The measure no longer includes language proposed by Rep. John Sarbanes, D-Md., that would have reserved work identified as "closely associated with inherently governmental" to federal employees. Government workers already are required to perform work deemed inherently governmental.
Current law requires agencies to provide "special management attention to functions that are closely associated with inherently governmental functions." These are generally jobs, such as assisting in contract management or evaluating another contractor's performance, that are not statutorily prohibited from outsourcing but require strict oversight and management.
The Sarbanes amendment, however, would have required agencies to ensure that "contracts do not include to the maximum extent practicable functions that are closely associated with inherently governmental functions."
Lawmakers included similar insourcing language in the fiscal 2011 omnibus bill that Senate leaders pulled from the floor last week. Rather, lawmakers passed a continuing resolution, funding the government through March 4.
The now-defunct omnibus also included language requiring agencies, before announcing a public-private job competition, to submit a report to the Office of Management and Budget. The report would have detailed the actions taken to convert contractor jobs to federal employees for functions deemed inherently governmental, closely associated with governmental functions, or critical to an agency's mission.
Industry officials strongly opposed all insourcing provisions, arguing they would accelerate private sector job losses, reduce state and local tax revenues, and substantially increase costs to taxpayers.

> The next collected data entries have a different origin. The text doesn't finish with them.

(* Let $m\ge0$, let $f:\mathbb{R}^n\to\mathbb{R}$ be $m$-weakly convex with $f^\star:=\inf_x f(x)>-\infty$, and let $\beta\in(0,1)$, $\rho>0$, $\alpha=m+\rho$, $x_1\in\mathbb{R}^n$. Suppose the sequence $(x_k)_{k\ge1}$ is generated as follows: for each $k\ge1$ there is a convex function $\tilde f_k:\mathbb{R}^n\to\mathbb{R}$ with $\tilde f_k(x)\le f(x)+\frac m2\|x-x_k\|^2$ for all $x$, such that $x_{k+1}=\arg\min_x\{\tilde f_k(x)+\frac\rho2\|x-x_k\|^2\}$ and $$f(x_k)-\Big(f(x_{k+1})+\frac m2\|x_{k+1}-x_k\|^2\Big)\ge\beta\big(f(x_k)-\tilde f_k(x_{k+1})\big).$$ Let $\eta>0$, $\epsilon>0$. If $T$ is an integer with $$T\ge \frac{2\alpha^2(f(x_1)-f^\star)}{m+\beta\rho}\cdot\frac1{\eta^2}+\frac{(1-\beta)(f(x_1)-f^\star)}{\beta}\cdot\frac1\epsilon+1,$$ then at least one of $x_2,\dots,x_{T+1}$ is an $(\eta,\epsilon)$-inexact stationary point of $f$.
   Context: A function $f$ is $m$-weakly convex ($m\ge 0$) if $x\mapsto f(x)+\frac{m}{2}\|x\|^2$ is convex. For $\epsilon\ge 0$, the $\epsilon$-inexact subdifferential at $x$ is $\partial_\epsilon f(x)=\{v\in\mathbb{R}^n: f(y)\ge f(x)+\langle v,y-x\rangle-\frac{m}{2}\|y-x\|^2-\epsilon\ \ \forall y\in\mathbb{R}^n\}$. A point $x$ is an $(\eta,\epsilon)$-inexact stationary point if $\mathrm{dist}(0,\partial_\epsilon f(x))\le\eta$. *)

From HB Require Import structures.
From mathcomp Require Import all_boot all_order all_algebra.
From mathcomp Require Import all_classical all_reals ereal.
Set Implicit Arguments. Unset Strict Implicit. Unset Printing Implicit Defensive.
Import Order.TTheory GRing.Theory Num.Theory.
Local Open Scope ring_scope.
Local Open Scope classical_set_scope.

Section Defs.
Variables (R : realType) (n : nat).
Notation vec := 'rV[R]_n.

Definition dotv (x y : vec) : R := \sum_(i < n) x ord0 i * y ord0 i.
Definition enorm (x : vec) : R := Num.sqrt (dotv x x).

Definition convexf (g : vec -> R) : Prop :=
  forall (x y : vec) (t : R), 0 <= t -> t <= 1 ->
    g ((1 - t) *: x + t *: y) <= (1 - t) * g x + t * g y.

Definition weakly_convex (m : R) (f : vec -> R) : Prop :=
  convexf (fun x => f x + m / 2 * enorm x ^+ 2).

Definition inexact_subdiff (m : R) (f : vec -> R) (eps : R) (x : vec) : set vec :=
  [set v | forall y : vec,
     f y >= f x + dotv v (y - x) - m / 2 * enorm (y - x) ^+ 2 - eps].

(* dist(0, S) as an extended real (+oo for empty S) *)
Definition dist0 (S : set vec) : \bar R :=
  ereal_inf [set (enorm v)%:E | v in S].

Definition inexact_stationary (m : R) (f : vec -> R) (eta eps : R) (x : vec) : Prop :=
  (dist0 (inexact_subdiff m f eps x) <= eta%:E)%E.

End Defs.

From HB Require Import structures.
From mathcomp Require Import all_boot all_order all_algebra.
From mathcomp Require Import all_classical all_reals ereal.
From mathcomp Require Import ring lra.
Set Implicit Arguments. Unset Strict Implicit. Unset Printing Implicit Defensive.
Import Order.TTheory GRing.Theory Num.Theory.
Local Open Scope ring_scope.

(* Write [Δ_k = f x_k - f x_(k+1)] and [d_k = |x_(k+1) - x_k|].  The optimality of
   the proximal step for the convex model [g = ftil k] gives the subgradient
   inequality [g y >= g x_(k+1) + rho <x_k - x_(k+1), y - x_(k+1)>]; combined with
   [g <= f + m/2 |. - x_k|^2] it shows that [(m + rho)(x_k - x_(k+1))] is an
   [e]-inexact subgradient of [f] at [x_(k+1)] with [e = (1 - beta)(f x_k - g x_(k+1))].
   If [x_(k+1)] is not [(eta, eps)]-stationary, either [(m + rho) d_k > eta] or
   [e > eps], and the descent condition turns either alternative into a lower
   bound on [Δ_k]; these bounds sum to [T] over [T] steps, while the [Δ_k]
   telescope to at most [f x_1 - fstar]. *)

Section InnerProduct.
Variables (R : realType) (n : nat).
Implicit Types (u v w : 'rV[R]_n).

Lemma dotvC u v : dotv u v = dotv v u.
Proof. by apply: eq_bigr => i _; rewrite mulrC. Qed.

Lemma dotvDl u v w : dotv (u + v) w = dotv u w + dotv v w.
Proof. by rewrite /dotv -big_split; apply: eq_bigr => i _; rewrite !mxE mulrDl. Qed.

Lemma dotvZl (a : R) u w : dotv (a *: u) w = a * dotv u w.
Proof. by rewrite /dotv mulr_sumr; apply: eq_bigr => i _; rewrite !mxE mulrA. Qed.

Lemma dotvNl u w : dotv (- u) w = - dotv u w.
Proof. by rewrite -scaleN1r dotvZl mulN1r. Qed.

Lemma dotvBl u v w : dotv (u - v) w = dotv u w - dotv v w.
Proof. by rewrite dotvDl dotvNl. Qed.

Lemma dotvv_ge0 u : 0 <= dotv u u.
Proof. by apply: sumr_ge0 => i _; rewrite -expr2 sqr_ge0. Qed.

Lemma sqr_enorm u : enorm u ^+ 2 = dotv u u.
Proof. by rewrite /enorm sqr_sqrtr // dotvv_ge0. Qed.

Lemma enorm_ge0 u : 0 <= enorm u.
Proof. exact: sqrtr_ge0. Qed.

Lemma enorm0 : enorm (0 : 'rV[R]_n) = 0.
Proof. by rewrite /enorm /dotv big1 ?sqrtr0 // => i _; rewrite mxE mul0r. Qed.

Lemma sqr_enormD u v :
  enorm (u + v) ^+ 2 = enorm u ^+ 2 + 2 * dotv u v + enorm v ^+ 2.
Proof.
by rewrite !sqr_enorm !dotvDl (dotvC u (u + v)) (dotvC v (u + v)) !dotvDl (dotvC v u); ring.
Qed.

Lemma sqr_enormB u v :
  enorm (u - v) ^+ 2 = enorm u ^+ 2 - 2 * dotv u v + enorm v ^+ 2.
Proof.
by rewrite !sqr_enorm !dotvBl (dotvC u (u - v)) (dotvC v (u - v)) !dotvBl (dotvC v u); ring.
Qed.

Lemma sqr_enormZ (a : R) u : enorm (a *: u) ^+ 2 = a ^+ 2 * enorm u ^+ 2.
Proof. by rewrite !sqr_enorm dotvZl (dotvC u (a *: u)) dotvZl; ring. Qed.

Lemma enormZ (a : R) u : 0 <= a -> enorm (a *: u) = a * enorm u.
Proof.
move=> a0; apply: (pexpIrn (n := 2)) => //; rewrite ?nnegrE ?enorm_ge0 //.
  by rewrite mulr_ge0 ?enorm_ge0.
by rewrite sqr_enormZ exprMn.
Qed.

Lemma enorm_sub u v : enorm (u - v) = enorm (v - u).
Proof. by rewrite /enorm -(opprB v u) dotvNl dotvC dotvNl opprK. Qed.

End InnerProduct.

Lemma le0_of_le_mul_small (R : realFieldType) (D s : R) :
  (forall t, 0 < t -> t <= 1 -> D <= t * s) -> D <= 0.
Proof.
move=> Hle; rewrite leNgt; apply/negP => D0.
have [s0|s0] := leP s 0; first by have := Hle 1 ltr01 (lexx _); lra.
have Ds0 : 0 < D + s by lra.
have t1 : D / (D + s) <= 1 by rewrite ler_pdivrMr // mul1r; lra.
have := Hle _ (divr_gt0 D0 Ds0) t1.
by rewrite mulrAC ler_pdivlMr //; nra.
Qed.

Lemma inexact_stationary_of_subgradient (R : realType) (n : nat) (m : R)
    (f : 'rV[R]_n -> R) (eta eps : R) (x v : 'rV[R]_n) :
  v \in inexact_subdiff m f eps x -> enorm v <= eta ->
  inexact_stationary m f eta eps x.
Proof.
rewrite inE => vS vle; apply: le_trans (ereal_inf_lbound _) _.
  by exists v.
by rewrite lee_fin.
Qed.

Section ProximalStep.
Variables (R : realType) (n : nat).
Variables (m rho : R) (f g : 'rV[R]_n -> R) (xk xs : 'rV[R]_n).
Hypothesis g_convex : convexf g.
Hypothesis g_le : forall y, g y <= f y + m / 2 * enorm (y - xk) ^+ 2.
Hypothesis xs_prox : forall y,
  g xs + rho / 2 * enorm (xs - xk) ^+ 2 <= g y + rho / 2 * enorm (y - xk) ^+ 2.

(* Compare [xs] with the points [(1 - t) xs + t y] of the segment and let [t -> 0]. *)
Lemma prox_subgradient y : g xs + rho * dotv (xk - xs) (y - xs) <= g y.
Proof.
suff : g xs - g y - rho * dotv (xs - xk) (y - xs) <= 0.
  by rewrite -(opprB xk xs) dotvNl; lra.
apply: (@le0_of_le_mul_small _ _ (rho / 2 * enorm (y - xs) ^+ 2)) => t t0 t1.
have conv := g_convex xs y (ltW t0) t1.
have opt := xs_prox ((1 - t) *: xs + t *: y).
have shift : (1 - t) *: xs + t *: y - xk = (xs - xk) + t *: (y - xs).
  by apply/rowP => i; rewrite !mxE; ring.
rewrite shift (sqr_enormD (xs - xk)) sqr_enormZ (dotvC (xs - xk)) dotvZl in opt.
by rewrite dotvC; nra.
Qed.

Lemma prox_model_gap : rho * enorm (xs - xk) ^+ 2 <= f xk - g xs.
Proof.
have := prox_subgradient xk; have := g_le xk.
by rewrite subrr enorm0 enorm_sub sqr_enorm; nra.
Qed.

Lemma prox_inexact_subgradient eps :
  f xs + m / 2 * enorm (xs - xk) ^+ 2 - g xs <= eps ->
  (m + rho) *: (xk - xs) \in inexact_subdiff m f eps xs.
Proof.
move=> gap; rewrite inE => y.
have sg := prox_subgradient y; have le := g_le y.
have shift : y - xk = (y - xs) - (xk - xs) by apply/rowP => i; rewrite !mxE; ring.
rewrite shift sqr_enormB (dotvC (y - xs)) (enorm_sub xk xs) in le.
by rewrite dotvZl; nra.
Qed.

Lemma prox_step_decrease (beta eta eps : R) :
  0 <= m -> 0 < rho -> 0 < beta -> beta < 1 -> 0 < eta -> 0 < eps ->
  beta * (f xk - g xs) <= f xk - (f xs + m / 2 * enorm (xs - xk) ^+ 2) ->
  ~ inexact_stationary m f eta eps xs ->
  1 <= (f xk - f xs) * (2 * (m + rho) ^+ 2 / ((m + beta * rho) * eta ^+ 2)
                         + (1 - beta) / (beta * eps)).
Proof.
move=> m0 rho_gt0 b0 b1 eta0 eps0 descent not_stat.
set d := enorm (xs - xk); set G := f xk - g xs.
have gap := prox_model_gap; rewrite -/d -/G in gap descent.
have d2_ge0 : 0 <= d ^+ 2 by rewrite sqr_ge0.
have G_ge0 : 0 <= G by have := mulr_ge0 (ltW rho_gt0) d2_ge0; lra.
have md_ge0 : 0 <= m / 2 * d ^+ 2 by rewrite mulr_ge0 ?divr_ge0.
have decr_G : beta * G <= f xk - f xs by lra.
have mr0 : 0 < m + rho by lra.
have mb0 : 0 < m + beta * rho by rewrite ltr_wpDl // mulr_gt0.
have c1_ge0 : 0 <= 2 * (m + rho) ^+ 2 / ((m + beta * rho) * eta ^+ 2).
  by rewrite divr_ge0 // ?mulr_ge0 // ?exprn_ge0 // ltW.
have c2_ge0 : 0 <= (1 - beta) / (beta * eps).
  by rewrite divr_ge0 // ?subr_ge0 ?mulr_ge0 // ltW.
have D_ge0 : 0 <= f xk - f xs by have := mulr_ge0 (ltW b0) G_ge0; lra.
rewrite mulrDr.
have [eta_lt|eta_ge] := ltP eta ((m + rho) * d).
  suff : 1 <= (f xk - f xs) * (2 * (m + rho) ^+ 2 / ((m + beta * rho) * eta ^+ 2)).
    by have := mulr_ge0 D_ge0 c2_ge0; lra.
  rewrite mulrA ler_pdivlMr ?mul1r ?mulr_gt0 ?exprn_gt0 //.
  have eta2_le : eta ^+ 2 <= (m + rho) ^+ 2 * d ^+ 2.
    by rewrite -exprMn; nra.
  have decr_d : (m + beta * rho) / 2 * d ^+ 2 <= f xk - f xs.
    have := mulr_ge0 (mulr_ge0 (ltW b0) (ltW rho_gt0)) d2_ge0.
    by have := ler_wpM2l (ltW b0) gap; lra.
  have := ler_wpM2l (ltW mb0) eta2_le.
  by have := ler_wpM2r (sqr_ge0 (m + rho)) decr_d; lra.
have [eps_lt|eps_ge] := ltP eps ((1 - beta) * G).
  suff : 1 <= (f xk - f xs) * ((1 - beta) / (beta * eps)).
    by have := mulr_ge0 D_ge0 c1_ge0; lra.
  rewrite mulrA ler_pdivlMr ?mul1r ?mulr_gt0 //.
  have b1' : 0 <= 1 - beta by rewrite subr_ge0 ltW.
  have := ler_wpM2l b1' decr_G.
  have : beta * eps < beta * ((1 - beta) * G) by rewrite ltr_pM2l.
  by lra.
exfalso; apply: not_stat.
apply: (inexact_stationary_of_subgradient (prox_inexact_subgradient _)).
  by move: descent eps_ge; rewrite /G -/d; lra.
by rewrite enormZ ?(ltW mr0) // enorm_sub.
Qed.

End ProximalStep.

Lemma telescope_lower_bound (R : realFieldType) (a : nat -> R) (c : R) (N : nat) :
  (forall k, (k < N)%N -> 1 <= (a k - a k.+1) * c) -> N%:R <= (a 0%N - a N) * c.
Proof.
elim: N => [|N IH] step; first by rewrite subrr mul0r.
have IHN := IH (fun k kN => step k (ltnW kN)).
have := step N (ltnSn N).
by rewrite mulrS; nra.
Qed.

Theorem mainTheorem6 (R : realType) (n : nat) (m : R) (f : 'rV[R]_n -> R)
  (fstar beta rho : R) (x : nat -> 'rV[R]_n) (ftil : nat -> 'rV[R]_n -> R)
  (eta eps : R) (T : nat) :
  0 <= m ->
  weakly_convex m f ->
  (forall y, fstar <= f y) ->
  (forall e : R, 0 < e -> exists y, f y < fstar + e) ->
  0 < beta -> beta < 1 -> 0 < rho ->
  (forall k : nat, (1 <= k)%N ->
     [/\ convexf (ftil k),
         (forall y, ftil k y <= f y + m / 2 * enorm (y - x k) ^+ 2),
         (forall y, ftil k (x k.+1) + rho / 2 * enorm (x k.+1 - x k) ^+ 2
                    <= ftil k y + rho / 2 * enorm (y - x k) ^+ 2) &
         f (x k) - (f (x k.+1) + m / 2 * enorm (x k.+1 - x k) ^+ 2)
           >= beta * (f (x k) - ftil k (x k.+1))]) ->
  0 < eta -> 0 < eps ->
  T%:R >= 2 * (m + rho) ^+ 2 * (f (x 1%N) - fstar) / (m + beta * rho) / eta ^+ 2
          + (1 - beta) * (f (x 1%N) - fstar) / beta / eps + 1 ->
  exists k : nat, [/\ (2 <= k)%N, (k <= T.+1)%N &
                      inexact_stationary m f eta eps (x k)].
Proof.
move=> m0 _ fstar_le _ b0 b1 rho0 step eta0 eps0 T_ge.
apply: contrapT => no_stat.
set c := 2 * (m + rho) ^+ 2 / ((m + beta * rho) * eta ^+ 2) + (1 - beta) / (beta * eps).
have decrease k : (k < T)%N -> 1 <= (f (x k.+1) - f (x k.+2)) * c.
  move=> kT; have [g_convex g_le xs_prox descent] := step k.+1 isT.
  apply: (prox_step_decrease g_convex g_le xs_prox) => // stat.
  by apply: no_stat; exists k.+2; split.
have sum_bound := telescope_lower_bound decrease.
have mr0 : 0 < m + rho by rewrite ltr_wpDl.
have mb0 : 0 < m + beta * rho by rewrite ltr_wpDl // mulr_gt0.
have c_ge0 : 0 <= c.
  apply: addr_ge0; first by rewrite divr_ge0 ?mulr_ge0 ?ltW.
  by rewrite divr_ge0 ?mulr_ge0 ?subr_ge0 ?ltW.
have gap_le : (f (x 1%N) - f (x T.+1)) * c <= (f (x 1%N) - fstar) * c.
  by rewrite ler_wpM2r // lerD2l lerN2.
have bound_eq : 2 * (m + rho) ^+ 2 * (f (x 1%N) - fstar) / (m + beta * rho) / eta ^+ 2
    + (1 - beta) * (f (x 1%N) - fstar) / beta / eps = (f (x 1%N) - fstar) * c.
  by rewrite /c; field; rewrite !gt_eqF.
move: T_ge (le_trans sum_bound gap_le); rewrite bound_eq.
by clear; set a := _ * c; lra.
Qed.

"Private sector companies working on federal government solutions not only employ hundreds of thousands of constituents in every state, but also allow agencies to harness the latest innovations, tap vital market expertise, and provide government with the flexibility to rapidly address emerging mission requirements without assuming the long-term costs associated with hiring a permanent workforce," Stan Soloway, president of the Professional Services Council, wrote in a Dec. 9 letter to Senate lawmakers.
The scuttled changes also would have run counter to a March proposed policy letter from the Office of Federal Procurement Policy that stated not all work considered "closely associated with inherently governmental" must be performed by government employees.
Industry officials won other significant legislative victories.
The Defense authorization bill, for example, was stripped of an amendment that would have excluded health care and retirement costs from any insourcing cost comparisons when contractors contribute less than Pentagon employees for civilian employees' benefits.
That legislation also included language prohibiting the establishment of arbitrary insourcing goals or targets and requiring Defense and the Government Accountability Office to examine the governmentwide insourcing initiative.
Other acquisition-related provisions in the Defense bill that did survive focused on supply-chain security, cybersecurity, technical data rights, contractor business systems, broadening the industrial base and oversight of private security contractors.
Both the House and Senate versions include language requiring Defense to use a January Directive Type Memorandum -- essentially a Pentagon policy memo -- as its baseline for cost comparisons between the public and private sectors. Industry groups argue the memorandum unfairly excludes most post-retirement costs associated with the federal workforce.